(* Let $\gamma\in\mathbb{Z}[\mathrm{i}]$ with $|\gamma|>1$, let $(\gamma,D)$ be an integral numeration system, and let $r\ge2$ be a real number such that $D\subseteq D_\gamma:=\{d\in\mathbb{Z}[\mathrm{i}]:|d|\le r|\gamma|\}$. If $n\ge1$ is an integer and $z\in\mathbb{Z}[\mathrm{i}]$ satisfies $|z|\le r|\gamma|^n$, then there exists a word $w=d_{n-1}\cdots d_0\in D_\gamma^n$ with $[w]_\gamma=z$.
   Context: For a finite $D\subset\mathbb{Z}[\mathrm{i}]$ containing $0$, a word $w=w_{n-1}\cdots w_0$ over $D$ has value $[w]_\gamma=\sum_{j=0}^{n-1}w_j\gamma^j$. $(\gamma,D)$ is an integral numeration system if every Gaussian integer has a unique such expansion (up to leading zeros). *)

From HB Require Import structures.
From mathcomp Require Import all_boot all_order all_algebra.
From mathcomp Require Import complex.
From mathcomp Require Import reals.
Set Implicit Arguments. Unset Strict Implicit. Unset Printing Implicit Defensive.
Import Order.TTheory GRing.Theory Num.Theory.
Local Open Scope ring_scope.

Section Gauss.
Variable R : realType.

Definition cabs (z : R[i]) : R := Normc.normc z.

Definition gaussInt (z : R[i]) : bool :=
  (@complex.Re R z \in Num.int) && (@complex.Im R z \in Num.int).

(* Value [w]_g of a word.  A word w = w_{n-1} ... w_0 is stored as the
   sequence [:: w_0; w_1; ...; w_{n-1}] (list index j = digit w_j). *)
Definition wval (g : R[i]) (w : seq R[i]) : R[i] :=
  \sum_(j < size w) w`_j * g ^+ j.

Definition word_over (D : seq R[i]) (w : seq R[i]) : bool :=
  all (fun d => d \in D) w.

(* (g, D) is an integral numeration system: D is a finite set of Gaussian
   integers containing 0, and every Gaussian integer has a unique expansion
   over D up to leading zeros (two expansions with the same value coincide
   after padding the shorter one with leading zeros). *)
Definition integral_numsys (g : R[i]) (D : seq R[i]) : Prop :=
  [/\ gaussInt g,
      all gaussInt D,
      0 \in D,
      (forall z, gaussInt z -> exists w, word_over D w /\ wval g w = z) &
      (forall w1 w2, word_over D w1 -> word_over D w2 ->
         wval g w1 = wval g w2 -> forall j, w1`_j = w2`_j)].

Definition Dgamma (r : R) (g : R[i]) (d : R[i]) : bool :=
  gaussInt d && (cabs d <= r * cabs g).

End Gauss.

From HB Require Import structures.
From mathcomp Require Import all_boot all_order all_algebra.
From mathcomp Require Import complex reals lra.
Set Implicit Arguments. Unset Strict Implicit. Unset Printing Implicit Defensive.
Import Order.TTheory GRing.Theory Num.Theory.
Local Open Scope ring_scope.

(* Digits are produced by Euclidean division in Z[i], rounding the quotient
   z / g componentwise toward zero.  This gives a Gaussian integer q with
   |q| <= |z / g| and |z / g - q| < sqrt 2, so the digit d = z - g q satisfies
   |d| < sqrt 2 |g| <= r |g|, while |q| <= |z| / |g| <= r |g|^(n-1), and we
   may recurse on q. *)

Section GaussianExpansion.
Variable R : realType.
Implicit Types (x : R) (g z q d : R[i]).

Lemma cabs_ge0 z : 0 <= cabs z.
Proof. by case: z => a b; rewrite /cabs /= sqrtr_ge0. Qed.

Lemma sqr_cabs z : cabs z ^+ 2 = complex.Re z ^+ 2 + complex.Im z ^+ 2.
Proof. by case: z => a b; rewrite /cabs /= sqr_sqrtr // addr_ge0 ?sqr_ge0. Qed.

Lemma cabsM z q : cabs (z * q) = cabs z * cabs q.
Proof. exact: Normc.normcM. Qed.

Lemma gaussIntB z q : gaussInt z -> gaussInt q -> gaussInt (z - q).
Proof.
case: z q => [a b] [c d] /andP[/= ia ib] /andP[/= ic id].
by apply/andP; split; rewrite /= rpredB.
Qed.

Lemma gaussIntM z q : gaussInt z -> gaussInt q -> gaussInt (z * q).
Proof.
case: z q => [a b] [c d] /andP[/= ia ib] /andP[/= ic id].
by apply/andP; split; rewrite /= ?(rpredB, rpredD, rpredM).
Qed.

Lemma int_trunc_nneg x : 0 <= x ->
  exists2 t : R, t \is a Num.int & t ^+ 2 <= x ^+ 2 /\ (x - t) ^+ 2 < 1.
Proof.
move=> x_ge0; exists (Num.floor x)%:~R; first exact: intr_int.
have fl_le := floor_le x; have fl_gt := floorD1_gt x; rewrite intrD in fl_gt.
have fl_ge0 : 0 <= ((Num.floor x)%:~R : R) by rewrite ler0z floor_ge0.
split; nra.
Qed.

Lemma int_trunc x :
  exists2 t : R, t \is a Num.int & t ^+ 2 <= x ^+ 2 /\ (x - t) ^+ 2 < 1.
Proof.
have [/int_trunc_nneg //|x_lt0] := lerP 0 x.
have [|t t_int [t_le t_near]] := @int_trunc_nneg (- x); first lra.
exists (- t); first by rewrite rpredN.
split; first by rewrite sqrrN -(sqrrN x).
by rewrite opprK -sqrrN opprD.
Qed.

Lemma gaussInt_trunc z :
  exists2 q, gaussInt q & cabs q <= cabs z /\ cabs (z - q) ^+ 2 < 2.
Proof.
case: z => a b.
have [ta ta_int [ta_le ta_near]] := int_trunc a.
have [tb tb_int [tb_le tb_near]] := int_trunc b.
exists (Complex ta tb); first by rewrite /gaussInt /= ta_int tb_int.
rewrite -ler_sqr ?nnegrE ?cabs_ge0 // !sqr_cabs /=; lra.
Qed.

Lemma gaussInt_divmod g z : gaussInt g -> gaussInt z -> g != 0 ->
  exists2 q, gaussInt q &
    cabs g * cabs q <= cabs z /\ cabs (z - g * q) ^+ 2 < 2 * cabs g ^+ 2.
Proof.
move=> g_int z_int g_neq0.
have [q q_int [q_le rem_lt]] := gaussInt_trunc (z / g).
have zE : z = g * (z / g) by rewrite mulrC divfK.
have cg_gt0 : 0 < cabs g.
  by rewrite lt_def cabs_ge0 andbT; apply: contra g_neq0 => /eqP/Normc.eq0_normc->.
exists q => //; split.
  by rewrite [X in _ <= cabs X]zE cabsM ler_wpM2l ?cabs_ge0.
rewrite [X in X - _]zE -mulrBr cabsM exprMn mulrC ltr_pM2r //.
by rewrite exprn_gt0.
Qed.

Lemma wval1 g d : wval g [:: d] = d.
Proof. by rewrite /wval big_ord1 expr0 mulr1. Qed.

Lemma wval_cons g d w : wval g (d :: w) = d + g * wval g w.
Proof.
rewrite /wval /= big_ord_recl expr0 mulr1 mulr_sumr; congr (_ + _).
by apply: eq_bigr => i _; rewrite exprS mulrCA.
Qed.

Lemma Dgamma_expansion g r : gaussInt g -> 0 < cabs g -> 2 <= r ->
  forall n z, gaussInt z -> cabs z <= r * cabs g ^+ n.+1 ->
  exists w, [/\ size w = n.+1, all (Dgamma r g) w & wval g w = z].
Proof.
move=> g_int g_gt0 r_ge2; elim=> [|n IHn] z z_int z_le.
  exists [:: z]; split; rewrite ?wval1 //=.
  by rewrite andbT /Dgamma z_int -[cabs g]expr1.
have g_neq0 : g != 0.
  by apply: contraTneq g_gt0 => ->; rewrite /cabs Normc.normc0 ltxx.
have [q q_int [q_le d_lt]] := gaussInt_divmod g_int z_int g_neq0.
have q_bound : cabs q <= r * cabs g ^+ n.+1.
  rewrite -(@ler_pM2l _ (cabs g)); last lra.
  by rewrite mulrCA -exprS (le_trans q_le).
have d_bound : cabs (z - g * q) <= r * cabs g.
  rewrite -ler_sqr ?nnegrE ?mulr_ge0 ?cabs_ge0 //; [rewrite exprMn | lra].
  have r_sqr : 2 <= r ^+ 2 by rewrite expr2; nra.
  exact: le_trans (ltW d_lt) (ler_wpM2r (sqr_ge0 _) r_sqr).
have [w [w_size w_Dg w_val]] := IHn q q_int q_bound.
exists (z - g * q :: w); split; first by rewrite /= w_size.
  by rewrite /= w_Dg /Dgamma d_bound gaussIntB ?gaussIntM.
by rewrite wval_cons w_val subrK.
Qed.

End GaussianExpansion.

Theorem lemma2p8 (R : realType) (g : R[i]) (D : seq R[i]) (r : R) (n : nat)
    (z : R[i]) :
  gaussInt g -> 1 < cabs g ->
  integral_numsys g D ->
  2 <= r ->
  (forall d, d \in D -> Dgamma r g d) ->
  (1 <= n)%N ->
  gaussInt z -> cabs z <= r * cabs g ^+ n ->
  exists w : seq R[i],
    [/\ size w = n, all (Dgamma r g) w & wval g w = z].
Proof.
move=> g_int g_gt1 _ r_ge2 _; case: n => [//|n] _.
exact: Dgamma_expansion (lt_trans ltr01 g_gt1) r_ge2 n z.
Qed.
=-=-=-=-=
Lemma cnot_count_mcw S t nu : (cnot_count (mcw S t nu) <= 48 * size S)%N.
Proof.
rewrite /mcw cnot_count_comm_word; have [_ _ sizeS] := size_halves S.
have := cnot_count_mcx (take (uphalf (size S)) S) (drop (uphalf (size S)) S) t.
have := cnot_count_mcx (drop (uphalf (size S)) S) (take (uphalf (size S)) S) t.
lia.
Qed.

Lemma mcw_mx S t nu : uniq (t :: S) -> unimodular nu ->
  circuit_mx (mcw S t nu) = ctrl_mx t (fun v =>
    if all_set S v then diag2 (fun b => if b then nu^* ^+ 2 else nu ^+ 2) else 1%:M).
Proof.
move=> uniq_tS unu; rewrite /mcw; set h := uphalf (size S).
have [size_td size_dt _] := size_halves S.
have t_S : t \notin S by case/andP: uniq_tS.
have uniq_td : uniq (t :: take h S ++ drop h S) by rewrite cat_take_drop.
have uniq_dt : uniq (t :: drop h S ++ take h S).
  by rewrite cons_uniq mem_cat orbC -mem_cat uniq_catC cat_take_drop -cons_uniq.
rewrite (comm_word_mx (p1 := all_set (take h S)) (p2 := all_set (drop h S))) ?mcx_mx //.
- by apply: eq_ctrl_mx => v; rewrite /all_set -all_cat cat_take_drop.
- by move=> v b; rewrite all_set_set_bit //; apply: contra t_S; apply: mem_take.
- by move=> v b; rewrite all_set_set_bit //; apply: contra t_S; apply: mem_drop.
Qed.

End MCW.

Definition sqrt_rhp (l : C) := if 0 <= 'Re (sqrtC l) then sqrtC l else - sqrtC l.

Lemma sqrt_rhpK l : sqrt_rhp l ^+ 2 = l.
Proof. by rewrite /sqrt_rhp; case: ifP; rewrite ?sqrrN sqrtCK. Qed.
=-=-=-=-=
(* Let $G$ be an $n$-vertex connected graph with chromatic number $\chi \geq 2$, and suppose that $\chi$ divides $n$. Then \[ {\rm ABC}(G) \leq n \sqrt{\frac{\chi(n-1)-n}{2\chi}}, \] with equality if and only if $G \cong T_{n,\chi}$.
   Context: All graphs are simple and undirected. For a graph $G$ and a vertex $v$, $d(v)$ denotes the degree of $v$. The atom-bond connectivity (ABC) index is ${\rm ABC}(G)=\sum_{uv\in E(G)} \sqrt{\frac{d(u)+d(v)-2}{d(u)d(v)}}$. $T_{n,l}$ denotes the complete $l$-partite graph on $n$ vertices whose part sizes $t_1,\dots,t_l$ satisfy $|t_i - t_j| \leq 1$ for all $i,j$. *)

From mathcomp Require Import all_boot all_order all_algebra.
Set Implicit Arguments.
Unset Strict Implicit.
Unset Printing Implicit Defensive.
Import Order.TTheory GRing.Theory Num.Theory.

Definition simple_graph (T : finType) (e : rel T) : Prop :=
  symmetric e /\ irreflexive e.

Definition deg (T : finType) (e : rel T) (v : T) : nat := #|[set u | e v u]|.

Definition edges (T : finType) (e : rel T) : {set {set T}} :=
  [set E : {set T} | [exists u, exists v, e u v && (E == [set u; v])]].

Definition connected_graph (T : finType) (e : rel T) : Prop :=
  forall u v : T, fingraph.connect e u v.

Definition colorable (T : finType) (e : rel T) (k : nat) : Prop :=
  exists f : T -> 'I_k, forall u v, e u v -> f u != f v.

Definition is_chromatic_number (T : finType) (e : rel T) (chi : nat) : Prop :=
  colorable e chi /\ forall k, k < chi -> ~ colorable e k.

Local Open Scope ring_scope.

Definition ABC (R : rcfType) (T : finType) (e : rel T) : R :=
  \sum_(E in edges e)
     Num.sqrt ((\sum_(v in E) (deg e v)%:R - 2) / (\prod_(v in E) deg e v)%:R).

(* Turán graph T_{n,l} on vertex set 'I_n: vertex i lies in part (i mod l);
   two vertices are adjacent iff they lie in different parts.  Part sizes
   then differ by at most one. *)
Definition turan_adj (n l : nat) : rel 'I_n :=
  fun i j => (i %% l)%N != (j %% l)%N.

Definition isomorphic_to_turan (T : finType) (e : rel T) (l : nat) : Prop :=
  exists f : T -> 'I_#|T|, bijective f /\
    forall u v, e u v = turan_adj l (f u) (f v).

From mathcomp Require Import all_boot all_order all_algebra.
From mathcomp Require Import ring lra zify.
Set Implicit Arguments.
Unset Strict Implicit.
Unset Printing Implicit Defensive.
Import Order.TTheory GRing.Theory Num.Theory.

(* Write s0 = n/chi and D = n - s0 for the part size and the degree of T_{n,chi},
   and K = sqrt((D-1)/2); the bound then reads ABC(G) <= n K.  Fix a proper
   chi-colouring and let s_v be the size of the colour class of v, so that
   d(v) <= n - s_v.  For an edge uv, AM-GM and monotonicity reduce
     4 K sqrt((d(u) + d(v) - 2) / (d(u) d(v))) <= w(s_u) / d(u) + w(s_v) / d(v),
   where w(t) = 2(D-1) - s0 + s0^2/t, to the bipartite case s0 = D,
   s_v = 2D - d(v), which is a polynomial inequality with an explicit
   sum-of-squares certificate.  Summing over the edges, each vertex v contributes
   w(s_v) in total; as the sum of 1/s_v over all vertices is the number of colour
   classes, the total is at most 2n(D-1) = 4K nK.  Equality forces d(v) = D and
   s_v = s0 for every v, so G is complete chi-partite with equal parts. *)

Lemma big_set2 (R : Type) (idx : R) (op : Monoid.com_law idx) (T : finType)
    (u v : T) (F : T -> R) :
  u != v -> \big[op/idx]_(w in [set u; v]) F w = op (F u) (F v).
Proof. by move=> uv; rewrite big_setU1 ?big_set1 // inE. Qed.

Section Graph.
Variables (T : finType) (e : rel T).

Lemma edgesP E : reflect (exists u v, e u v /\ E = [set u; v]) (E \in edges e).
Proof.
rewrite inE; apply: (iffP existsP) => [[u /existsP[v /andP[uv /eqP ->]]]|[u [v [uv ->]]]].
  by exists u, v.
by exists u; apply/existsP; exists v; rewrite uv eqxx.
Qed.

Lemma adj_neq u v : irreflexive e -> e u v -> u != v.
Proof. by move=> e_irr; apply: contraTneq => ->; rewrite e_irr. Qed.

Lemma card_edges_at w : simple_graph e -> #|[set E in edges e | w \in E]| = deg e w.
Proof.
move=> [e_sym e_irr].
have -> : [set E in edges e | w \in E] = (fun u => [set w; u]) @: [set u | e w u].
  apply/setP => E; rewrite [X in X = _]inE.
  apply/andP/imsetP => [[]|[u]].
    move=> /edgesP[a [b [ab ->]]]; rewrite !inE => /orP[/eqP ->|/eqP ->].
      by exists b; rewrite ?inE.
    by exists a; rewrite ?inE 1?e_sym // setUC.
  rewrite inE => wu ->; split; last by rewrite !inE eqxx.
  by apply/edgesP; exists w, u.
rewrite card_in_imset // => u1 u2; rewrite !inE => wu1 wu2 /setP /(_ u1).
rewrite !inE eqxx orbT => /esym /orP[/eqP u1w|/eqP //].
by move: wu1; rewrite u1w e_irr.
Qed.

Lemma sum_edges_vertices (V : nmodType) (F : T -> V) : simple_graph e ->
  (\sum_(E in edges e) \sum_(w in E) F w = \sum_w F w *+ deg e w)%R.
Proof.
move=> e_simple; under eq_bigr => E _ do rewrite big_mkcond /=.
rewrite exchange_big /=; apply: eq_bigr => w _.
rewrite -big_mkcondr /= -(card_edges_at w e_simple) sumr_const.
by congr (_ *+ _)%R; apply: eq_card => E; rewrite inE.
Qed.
=-=-=-=-=
• [WHAT THIS TASK INVOLVES]:
Repeat, exactly as they stand above, the lines from the line with "Lemma cnot_count_mcw S" to the line with "Proof. by rewrite /sqrt_rhp;", both lines included.

• [WRITTEN REPLY]:
Lemma cnot_count_mcw S t nu : (cnot_count (mcw S t nu) <= 48 * size S)%N.
Proof.
rewrite /mcw cnot_count_comm_word; have [_ _ sizeS] := size_halves S.
have := cnot_count_mcx (take (uphalf (size S)) S) (drop (uphalf (size S)) S) t.
have := cnot_count_mcx (drop (uphalf (size S)) S) (take (uphalf (size S)) S) t.
lia.
Qed.

Lemma mcw_mx S t nu : uniq (t :: S) -> unimodular nu ->
  circuit_mx (mcw S t nu) = ctrl_mx t (fun v =>
    if all_set S v then diag2 (fun b => if b then nu^* ^+ 2 else nu ^+ 2) else 1%:M).
Proof.
move=> uniq_tS unu; rewrite /mcw; set h := uphalf (size S).
have [size_td size_dt _] := size_halves S.
have t_S : t \notin S by case/andP: uniq_tS.
have uniq_td : uniq (t :: take h S ++ drop h S) by rewrite cat_take_drop.
have uniq_dt : uniq (t :: drop h S ++ take h S).
  by rewrite cons_uniq mem_cat orbC -mem_cat uniq_catC cat_take_drop -cons_uniq.
rewrite (comm_word_mx (p1 := all_set (take h S)) (p2 := all_set (drop h S))) ?mcx_mx //.
- by apply: eq_ctrl_mx => v; rewrite /all_set -all_cat cat_take_drop.
- by move=> v b; rewrite all_set_set_bit //; apply: contra t_S; apply: mem_take.
- by move=> v b; rewrite all_set_set_bit //; apply: contra t_S; apply: mem_drop.
Qed.

End MCW.

Definition sqrt_rhp (l : C) := if 0 <= 'Re (sqrtC l) then sqrtC l else - sqrtC l.

Lemma sqrt_rhpK l : sqrt_rhp l ^+ 2 = l.
Proof. by rewrite /sqrt_rhp; case: ifP; rewrite ?sqrrN sqrtCK. Qed.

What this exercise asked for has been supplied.